Death of a Monarchy

25 Choices somehow are to be made.


– Não, mas... —

– Volte comigo Anne! — ele disse alto.

– Anne não vai a lugar nenhum. — Henrique Disse.

– Tu aprovastes meu casamento! — Vlad disse apontando o dedo indicador a Henrique.

– Posso anulá-lo. — Henrique respondeu calmamente.

– Quer causar uma guerra? —

– Ninguém vai fazer guerra! — eu disse.

– Não respondeu nenhuma de minhas cartas, Anne. — Vlad disse.

– Não recebi nenhuma. —

– Mandei-lhe centenas, e nenhuma resposta. Meu país está em paz. Já podes voltar, está segura. —

– Eu não posso Vlad. —

– Por quê? —

– Preciso falar-lhe a sós. — disse e todos retiraram-se, somente eu e Vlad ficamos lá.

– Agora diga-me. —

– Eu estou grávida. — comecei a chorar.

– Mas o que foi Anne, ele será o príncipe da Valáquia. -

– Eu não sei. — disse aos prantos.

– Como não sabe? —

– Não sei se a criança é sua. -

– Dormistes com outro? —

– Eu não me lembro. Acredito que tinha algo no vinho. —

– Como ousas humilhar-me assim? —

– Vlad, eu errei! Eu sei disso! E peço seu perdão. Nunca foi de minha intenção humilhar-te. -

Ele começou a retirar a aliança e a segurou entre os dedos.
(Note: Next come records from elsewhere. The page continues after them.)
(* Let $s\in\{0,\tfrac12\}$, $\lambda\in\mathbb{C}$, and let $\sigma\in\mathrm{Aut}(\mathfrak{L}^s_\lambda)$ be normalized, i.e. there are $\epsilon\in\{1,-1\}$, $\alpha,\mu\in\mathbb{C}\setminus\{0\}$, $\beta\in\mathbb{C}$ with $\sigma(L_m)=\epsilon\alpha^mL_{\epsilon m}+m\alpha^m\beta I_{\epsilon m}$ and $\sigma(I_m)=\alpha^m\mu I_{\epsilon m}$ for all $m\in\mathbb{Z}$. Then for every $p\in s+\mathbb{Z}$, $\sigma(G_p)\in\mathbb{C}G_{\epsilon p}+\mathrm{span}_{\mathbb{C}}\{H_q:q\in s+\mathbb{Z}\}$.
   Context: For $s\in\{0,\tfrac12\}$ and $\lambda\in\mathbb{C}$, $\mathfrak{L}^s_\lambda$ is the complex Lie superalgebra with basis $\{L_m,I_m,G_p,H_p : m\in\mathbb{Z},\ p\in s+\mathbb{Z}\}$, even part spanned by the $L_m,I_m$, odd part spanned by the $G_p,H_p$, with brackets $[L_m,L_n]=(m-n)L_{m+n}$, $[L_m,I_n]=(m-n)I_{m+n}$, $[L_m,H_p]=(\tfrac m2-p)H_{m+p}$, $[L_m,G_p]=(\tfrac m2-p)G_{m+p}+\lambda(m+1)H_{m+p}$, $[I_m,G_p]=(m-2p)H_{m+p}$, $[G_p,G_q]=I_{p+q}$, plus super-antisymmetry; all other brackets of basis elements are zero. $\mathrm{Aut}(\mathfrak{L})$ is the group of bijective parity-preserving linear maps $\sigma$ with $\sigma([x,y])=[\sigma(x),\sigma(y)]$. *)

From HB Require Import structures.
From mathcomp Require Import all_boot all_order all_algebra.
Set Implicit Arguments. Unset Strict Implicit. Unset Printing Implicit Defensive.
Import Order.TTheory GRing.Theory Num.Theory.
Local Open Scope ring_scope.

(* The parameter [half : bool] encodes s:
   half = false <-> s = 0, half = true <-> s = 1/2.
   BL m = L_m, BI m = I_m (m : int);
   BG k = G_(k+s), BH k = H_(k+s) (k : int), i.e. odd indices p = k + s. *)
Inductive basis := BL of int | BI of int | BG of int | BH of int.

Definition basis_eqb (a b : basis) : bool :=
  match a, b with
  | BL m, BL n => m == n
  | BI m, BI n => m == n
  | BG m, BG n => m == n
  | BH m, BH n => m == n
  | _, _ => false
  end.

Definition is_even (b : basis) : bool :=
  match b with BL _ | BI _ => true | _ => false end.

(* Elements of the algebra are finite formal linear combinations of basis
   elements, compared through their coefficients. *)
Definition coef (C : fieldType) (x : seq (C * basis)) (b : basis) : C :=
  \sum_(t <- x) (if basis_eqb t.2 b then t.1 else 0).

Definition eqv (C : fieldType) (x y : seq (C * basis)) : Prop :=
  forall b, coef x b = coef y b.

Definition scale (C : fieldType) (c : C) (x : seq (C * basis)) :=
  [seq (c * t.1, t.2) | t <- x].

Definition sval (C : fieldType) (half : bool) : C := if half then 2%:R^-1 else 0.
Definition pval (C : fieldType) (half : bool) (k : int) : C := k%:~R + sval C half.

(* bracket of basis elements (all ordered pairs, super-antisymmetry built in) *)
Definition br (C : fieldType) (half : bool) (lam : C) (a b : basis)
  : seq (C * basis) :=
  match a, b with
  | BL m, BL n => [:: ((m - n)%:~R, BL (m + n))]
  | BL m, BI n => [:: ((m - n)%:~R, BI (m + n))]
  | BI n, BL m => [:: (- (m - n)%:~R, BI (m + n))]
  | BL m, BH k => [:: (m%:~R / 2%:R - pval C half k, BH (m + k))]
  | BH k, BL m => [:: (- (m%:~R / 2%:R - pval C half k), BH (m + k))]
  | BL m, BG k => [:: (m%:~R / 2%:R - pval C half k, BG (m + k));
                      (lam * (m + 1)%:~R, BH (m + k))]
  | BG k, BL m => [:: (- (m%:~R / 2%:R - pval C half k), BG (m + k));
                      (- (lam * (m + 1)%:~R), BH (m + k))]
  | BI m, BG k => [:: (m%:~R - 2%:R * pval C half k, BH (m + k))]
  | BG k, BI m => [:: (- (m%:~R - 2%:R * pval C half k), BH (m + k))]
  | BG k, BG l => [:: (1, BI (k + l + (half : nat)%:Z))]
  | _, _ => [::]
  end.

Definition brv (C : fieldType) (half : bool) (lam : C) (x y : seq (C * basis))
  : seq (C * basis) :=
  flatten [seq scale (s.1 * t.1) (br half lam s.2 t.2) | s <- x, t <- y].

Definition apply (C : fieldType) (f : basis -> seq (C * basis)) (x : seq (C * basis))
  : seq (C * basis) :=
  flatten [seq scale t.1 (f t.2) | t <- x].

Definition is_aut (C : fieldType) (half : bool) (lam : C)
  (f : basis -> seq (C * basis)) : Prop :=
  [/\ (forall b b', is_even b != is_even b' -> coef (f b) b' = 0),
      (forall x y, eqv (apply f x) (apply f y) -> eqv x y),
      (forall y, exists x, eqv (apply f x) y) &
      (forall x y, eqv (apply f (brv half lam x y))
                       (brv half lam (apply f x) (apply f y)))].

(* index k' with k' + s = eps * (k + s), for eps in {1,-1} *)
Definition eps_odd (half : bool) (eps : int) (k : int) : int :=
  if eps == 1 then k else - k - (half : nat)%:Z.

From HB Require Import structures.
From mathcomp Require Import all_boot all_order all_algebra.
From mathcomp Require Import zify ring.
Set Implicit Arguments. Unset Strict Implicit. Unset Printing Implicit Defensive.
Import Order.TTheory GRing.Theory Num.Theory.
Local Open Scope ring_scope.

(* sigma(I_m) is a multiple of some I_n, and a bracket with an I never produces
   a G; writing H_k as a nonzero multiple of [I_m, G_(k-m)] shows that sigma(H_k)
   has no G-component.  Applying sigma to [L_0, G_k] = -k' G_k + lam H_k, where
   sigma(L_0) = eps L_0, then gives k' a_q = eps q' a_q for the G_q-coefficient
   a_q of sigma(G_k) (writing k' = k + s, q' = q + s), so a_q = 0 unless
   q' = eps k'.  Parity rules out L- and I-components. *)

Lemma basis_eqbP : Equality.axiom basis_eqb.
Proof. by case=> m [] n /=; try (by constructor); apply: (iffP eqP) => [->|[]]. Qed.

HB.instance Definition _ := hasDecEq.Build basis basis_eqbP.

Section FormalSums.
Variable C : fieldType.
Implicit Types (x y : seq (C * basis)) (a b : basis).

Lemma coefE x b : coef x b = \sum_(t <- x) (if t.2 == b then t.1 else 0).
Proof. by []. Qed.

Lemma coef_cons t x b : coef (t :: x) b = (if t.2 == b then t.1 else 0) + coef x b.
Proof. by rewrite /coef big_cons. Qed.

Lemma coef_cat x y b : coef (x ++ y) b = coef x b + coef y b.
Proof. by rewrite /coef big_cat. Qed.

Lemma coef_scale c x b : coef (scale c x) b = c * coef x b.
Proof.
rewrite /coef big_map mulr_sumr; apply: eq_bigr => t _ /=.
by case: basis_eqb; rewrite ?mulr0.
Qed.

Lemma coef_flatten (xs : seq (seq (C * basis))) b :
  coef (flatten xs) b = \sum_(x <- xs) coef x b.
Proof.
elim: xs => [|x xs IH]; first by rewrite /coef !big_nil.
by rewrite big_cons /= coef_cat IH.
Qed.

Lemma weighted_sum_coef (G : basis -> C) x (S : seq basis) :
  uniq S -> {subset map snd x <= S} ->
  \sum_(t <- x) t.1 * G t.2 = \sum_(a <- S) coef x a * G a.
Proof.
move=> uS xS; under [RHS]eq_bigr => a _ do rewrite coefE big_distrl.
rewrite exchange_big /=; apply: eq_big_seq => t tx.
rewrite (bigD1_seq t.2) ?xS ?map_f //= eqxx big1 ?addr0 // => a /negbTE.
by rewrite eq_sym => ->; rewrite mul0r.
Qed.

Lemma eqv_weighted_sum (G : basis -> C) x x' : eqv x x' ->
  \sum_(t <- x) t.1 * G t.2 = \sum_(t <- x') t.1 * G t.2.
Proof.
set S := undup (map snd (x ++ x')).
move=> xx'; rewrite !(@weighted_sum_coef G _ S) ?undup_uniq //.
- by apply: eq_bigr => a _; rewrite xx'.
- by move=> a ax'; rewrite mem_undup map_cat mem_cat ax' orbT.
- by move=> a ax; rewrite mem_undup map_cat mem_cat ax.
Qed.

Lemma weighted_sum_pred1 (G : basis -> C) x b :
  (forall a, a != b -> G a = 0) -> \sum_(t <- x) t.1 * G t.2 = coef x b * G b.
Proof.
move=> Gb; rewrite coefE big_distrl; apply: eq_bigr => t _ /=.
by case: eqP => [->|/eqP /Gb ->]; rewrite ?mul0r ?mulr0.
Qed.

Definition H_coords (y : seq (C * basis)) : seq (C * int) :=
  pmap (fun t => if t.2 is BH j then Some (t.1, j) else None) y.

Lemma coef_H_coords y b :
  coef [seq (t.1, BH t.2) | t <- H_coords y] b = if b is BH _ then coef y b else 0.
Proof.
elim: y => [|[c a] y IH]; first by rewrite !coefE !big_nil; case: b.
rewrite coef_cons; case: a => j /=; rewrite ?coef_cons IH {IH}.
all: by case: b => i //=; rewrite ?add0r ?addr0.
Qed.

Lemma eqv_BG_plus_H_coords y p :
  (forall b, is_even b -> coef y b = 0) ->
  (forall q, q != p -> coef y (BG q) = 0) ->
  eqv y ((coef y (BG p), BG p) :: [seq (t.1, BH t.2) | t <- H_coords y]).
Proof.
move=> y_odd y_BG b; rewrite coef_cons coef_H_coords.
case: b => i; rewrite /= ?addr0 ?add0r //; try by rewrite y_odd.
rewrite -[BG p == BG i]/(p == i).
by case: eqVneq => [->|neq] //; rewrite y_BG // eq_sym.
Qed.

End FormalSums.

Section LinearExtensions.
Variables (C : fieldType) (half : bool) (lam : C).
Implicit Types (x y : seq (C * basis)) (a b : basis) (f : basis -> seq (C * basis)).

Lemma coef_apply f x b : coef (apply f x) b = \sum_(t <- x) t.1 * coef (f t.2) b.
Proof. by rewrite /apply coef_flatten big_map; apply: eq_bigr => t _; rewrite coef_scale. Qed.

Lemma coef_brv x y b : coef (brv half lam x y) b =
  \sum_(s <- x) s.1 * \sum_(t <- y) t.1 * coef (br half lam s.2 t.2) b.
Proof.
rewrite /brv coef_flatten big_flatten /= big_map; apply: eq_bigr => s _.
rewrite big_map mulr_sumr; apply: eq_bigr => t _.
by rewrite coef_scale mulrA.
Qed.

Lemma coef_brvC x y b : coef (brv half lam x y) b =
  \sum_(t <- y) t.1 * \sum_(s <- x) s.1 * coef (br half lam s.2 t.2) b.
Proof.
rewrite coef_brv; under eq_bigr => s _ do rewrite mulr_sumr.
rewrite exchange_big; apply: eq_bigr => t _; rewrite mulr_sumr.
by apply: eq_bigr => s _; rewrite mulrCA.
Qed.

Lemma eqv_apply f x x' : eqv x x' -> eqv (apply f x) (apply f x').
Proof. by move=> xx' b; rewrite !coef_apply (eqv_weighted_sum (fun a => coef (f a) b) xx'). Qed.

Lemma eqv_brv x x' y y' : eqv x x' -> eqv y y' ->
  eqv (brv half lam x y) (brv half lam x' y').
Proof.
move=> xx' yy' b; rewrite coef_brv.
rewrite (eqv_weighted_sum (fun a => \sum_(t <- y) t.1 * coef (br half lam a t.2) b) xx').
rewrite -coef_brv coef_brvC.
rewrite (eqv_weighted_sum (fun a => \sum_(s <- x') s.1 * coef (br half lam s.2 a) b) yy').
by rewrite -coef_brvC.
Qed.

Lemma apply_single f a : eqv (apply f [:: (1, a)]) (f a).
Proof. by move=> b; rewrite coef_apply big_seq1 mul1r. Qed.

Lemma brv_single a a' : eqv (brv half lam [:: (1, a)] [:: (1, a')]) (br half lam a a').
Proof. by move=> b; rewrite coef_brv !big_seq1 !mul1r. Qed.

Lemma br_BI_BG n a q : coef (br half lam (BI n) a) (BG q) = 0.
Proof. by case: a => i; rewrite /= coefE ?big_cons ?big_nil /= ?addr0. Qed.

Lemma br_BL0_BG a q : a != BG q -> coef (br half lam (BL 0) a) (BG q) = 0.
Proof.
case: a => i; rewrite /= coefE ?big_cons ?big_nil /= ?addr0 //.
by rewrite add0r; case: eqP => // ->.
Qed.

Lemma coef_brv_BI_BG c n y q : coef (brv half lam [:: (c, BI n)] y) (BG q) = 0.
Proof. by rewrite coef_brv big_seq1 big1 ?mulr0 // => t _; rewrite br_BI_BG mulr0. Qed.

Lemma coef_brv_BL0_BG c d n y q :
  coef (brv half lam [:: (c, BL 0); (d, BI n)] y) (BG q) =
  - (c * pval C half q) * coef y (BG q).
Proof.
rewrite coef_brv big_cons big_seq1 /= [X in _ + d * X]big1; last first.
  by move=> t _; rewrite br_BI_BG mulr0.
rewrite (weighted_sum_pred1 y (br_BL0_BG ^~ q)).
rewrite /= [coef [:: _; _] _]coefE !big_cons big_nil /= add0r eqxx mul0r.
by rewrite !addr0 mulr0; ring.
Qed.

End LinearExtensions.

Lemma two_pval (C : numFieldType) half k :
  2 * pval C half k = (2 * k + (half : nat)%:Z)%:~R.
Proof. by rewrite /pval /sval intrD intrM; case: half => /=; [field | ring]. Qed.

Section Automorphism.
Variables (C : numFieldType) (half : bool) (lam : C) (f : basis -> seq (C * basis)).
Hypothesis f_hom : forall x y,
  eqv (apply f (brv half lam x y)) (brv half lam (apply f x) (apply f y)).

Lemma hom_br a a' : eqv (apply f (br half lam a a')) (brv half lam (f a) (f a')).
Proof.
move=> b; rewrite -(eqv_apply f (brv_single half lam a a')) f_hom.
by apply: eqv_brv; apply: apply_single.
Qed.

Lemma image_BH_no_BG :
  (forall m, exists c n, eqv (f (BI m)) [:: (c, BI n)]) ->
  forall k q, coef (f (BH k)) (BG q) = 0.
Proof.
(* [I_m, G_(k-m)] = (3m - 2k - 2s) H_k, and this integer is odd for m = 1 + 2s. *)
move=> fI k q; pose m := (half : nat)%:Z + 1.
have [c [n fIm]] := fI m.
have := hom_br (BI m) (BG (k - m)) (BG q).
rewrite (eqv_brv half lam fIm (fun _ => erefl)) coef_brv_BI_BG coef_apply big_seq1 /=.
rewrite (addrC m) subrK => /eqP; rewrite mulf_eq0 => /orP [|/eqP //].
by rewrite two_pval -intrB intr_eq0 /m; lia.
Qed.

Lemma image_BG_coef_BG e d n k q :
  eqv (f (BL 0)) [:: (e, BL 0); (d, BI n)] -> coef (f (BH k)) (BG q) = 0 ->
  pval C half k * coef (f (BG k)) (BG q) = e * pval C half q * coef (f (BG k)) (BG q).
Proof.
move=> fL0 noG; have := hom_br (BL 0) (BG k) (BG q).
rewrite (eqv_brv half lam fL0 (fun _ => erefl)) coef_brv_BL0_BG.
rewrite coef_apply big_cons big_seq1 /= add0r noG mulr0 addr0.
by rewrite mul0r sub0r !mulNr => /oppr_inj.
Qed.

End Automorphism.

Lemma pval_eq_eps_odd (C : numFieldType) half (eps k q : int) :
  eps = 1 \/ eps = -1 -> pval C half k = eps%:~R * pval C half q ->
  q = eps_odd half eps k.
Proof.
move=> eps_pm1 /(congr1 (fun z => 2 * z)); rewrite mulrCA !two_pval -intrM.
move/eqP; rewrite eqr_int /eps_odd => /eqP.
by case: eps_pm1 => ->; rewrite ?eqxx //=; lia.
Qed.

Theorem lemma3p5 (C : numClosedFieldType) (half : bool) (lam : C)
  (f : basis -> seq (C * basis)) (eps : int) (alpha mu beta : C) :
  is_aut half lam f ->
  (eps = 1 \/ eps = -1) -> alpha != 0 -> mu != 0 ->
  (forall m : int, eqv (f (BL m))
     [:: (eps%:~R * alpha ^ m, BL (eps * m));
         (m%:~R * alpha ^ m * beta, BI (eps * m))]) ->
  (forall m : int, eqv (f (BI m)) [:: (alpha ^ m * mu, BI (eps * m))]) ->
  forall k : int, exists (c : C) (h : seq (C * int)),
    eqv (f (BG k)) ((c, BG (eps_odd half eps k)) :: [seq (t.1, BH t.2) | t <- h]).
Proof.
move=> [f_par _ _ f_hom] eps_pm1 _ _ fL fI k.
have fI_line m : exists c n, eqv (f (BI m)) [:: (c, BI n)].
  by exists (alpha ^ m * mu), (eps * m).
have fL0 : eqv (f (BL 0)) [:: (eps%:~R, BL 0); (0%:~R * beta, BI 0)].
  by move=> b; rewrite fL mulr0 !expr0z !mulr1.
exists (coef (f (BG k)) (BG (eps_odd half eps k))), (H_coords (f (BG k))).
apply: eqv_BG_plus_H_coords => [b b_even | q q_neq].
  by apply: f_par; rewrite b_even.
apply/eqP; apply: contraR q_neq => a_neq0; apply/eqP/(pval_eq_eps_odd eps_pm1).
apply: (mulIf a_neq0).
exact: (image_BG_coef_BG f_hom fL0 (image_BH_no_BG f_hom fI_line k q)).
Qed.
– Não Vlad! — chorei desesperadamente.

– Anne, olhe em meus olhos, e diga que não ama Henrique. -

ainda chorando, olhava em seus olhos.

– Diga! — ele segurou forte meus ombros. — Diga Anne!

– Não posso. —

– É isso o que quer Anne!? — ele gritou.

– Vlad, por favor. — caí em prantos.

– Não posso conviver com tamanha desonra. —

– Vlad. -

– Quer saber de algo? Fique aqui! Case-se com ele. Nunca mais me procure. —

– Mas e se essa criança for sua? -

– Pois escolha o pai que a queira criar! Tu escolhestes um marido que não sabe lidar com traições. —

– Mas.. — tentei dizer algo, me explicar, mas não havia como.

– Seja feliz, Anne. — ele se virou e caminhou depressa. Corri em sua direção e segurei seu braço.

Vlad virou-se e segurou fortemente meus dois pulsos em uma de suas mãos.

– E se procurar-me novamente, te arrependerás. — lançou-me contra a parede e foi embora.

Levantei-me e tentei me recompor. Precisava de ar fresco, fui até o jardim. Sentía-me de alguma maneira calma naquele lugar.

Comecei a caminhar pelos roseirais e a observar tudo ao meu redor, sentir o ar fresco e gélido, a brisa que balançava as folhas das macieiras.

Sentei-me em um dos balanços que ficava perto de um dos labirintos. Ouvi que alguém se aproximava, olhei e vi que era Henrique.

– Como está? — ele perguntou sentando-se ao meu lado.

– Está tudo bem. —

– Mesmo? —

– sim. — repeti diversas vezes em minha mente para convencer-me.

– Não parece, minha cara. —

– eu preciso de um tempo. Talvez eu deva voltar para Hever Castle, ou casar-me com um comerciante, para não chamar a atenção. —

– Anne, não diga essas bobagens. — ele depositou suas mãos sobre as minhas. — Eu não a deixarei só. —

– Será melhor para todos, tente entender Henrique. — eu disse segurando suas mãos. —

– Não Anne. —

– Eu preciso de um tempo. — eu me retirei e fiquei vagando por aqueles jardins até a madrugada.

O sol ainda tardava a aparecer, deitei-me sob a sombra de uma árvore. As palpebras começaram então a pesar, repousei por alguns minutos.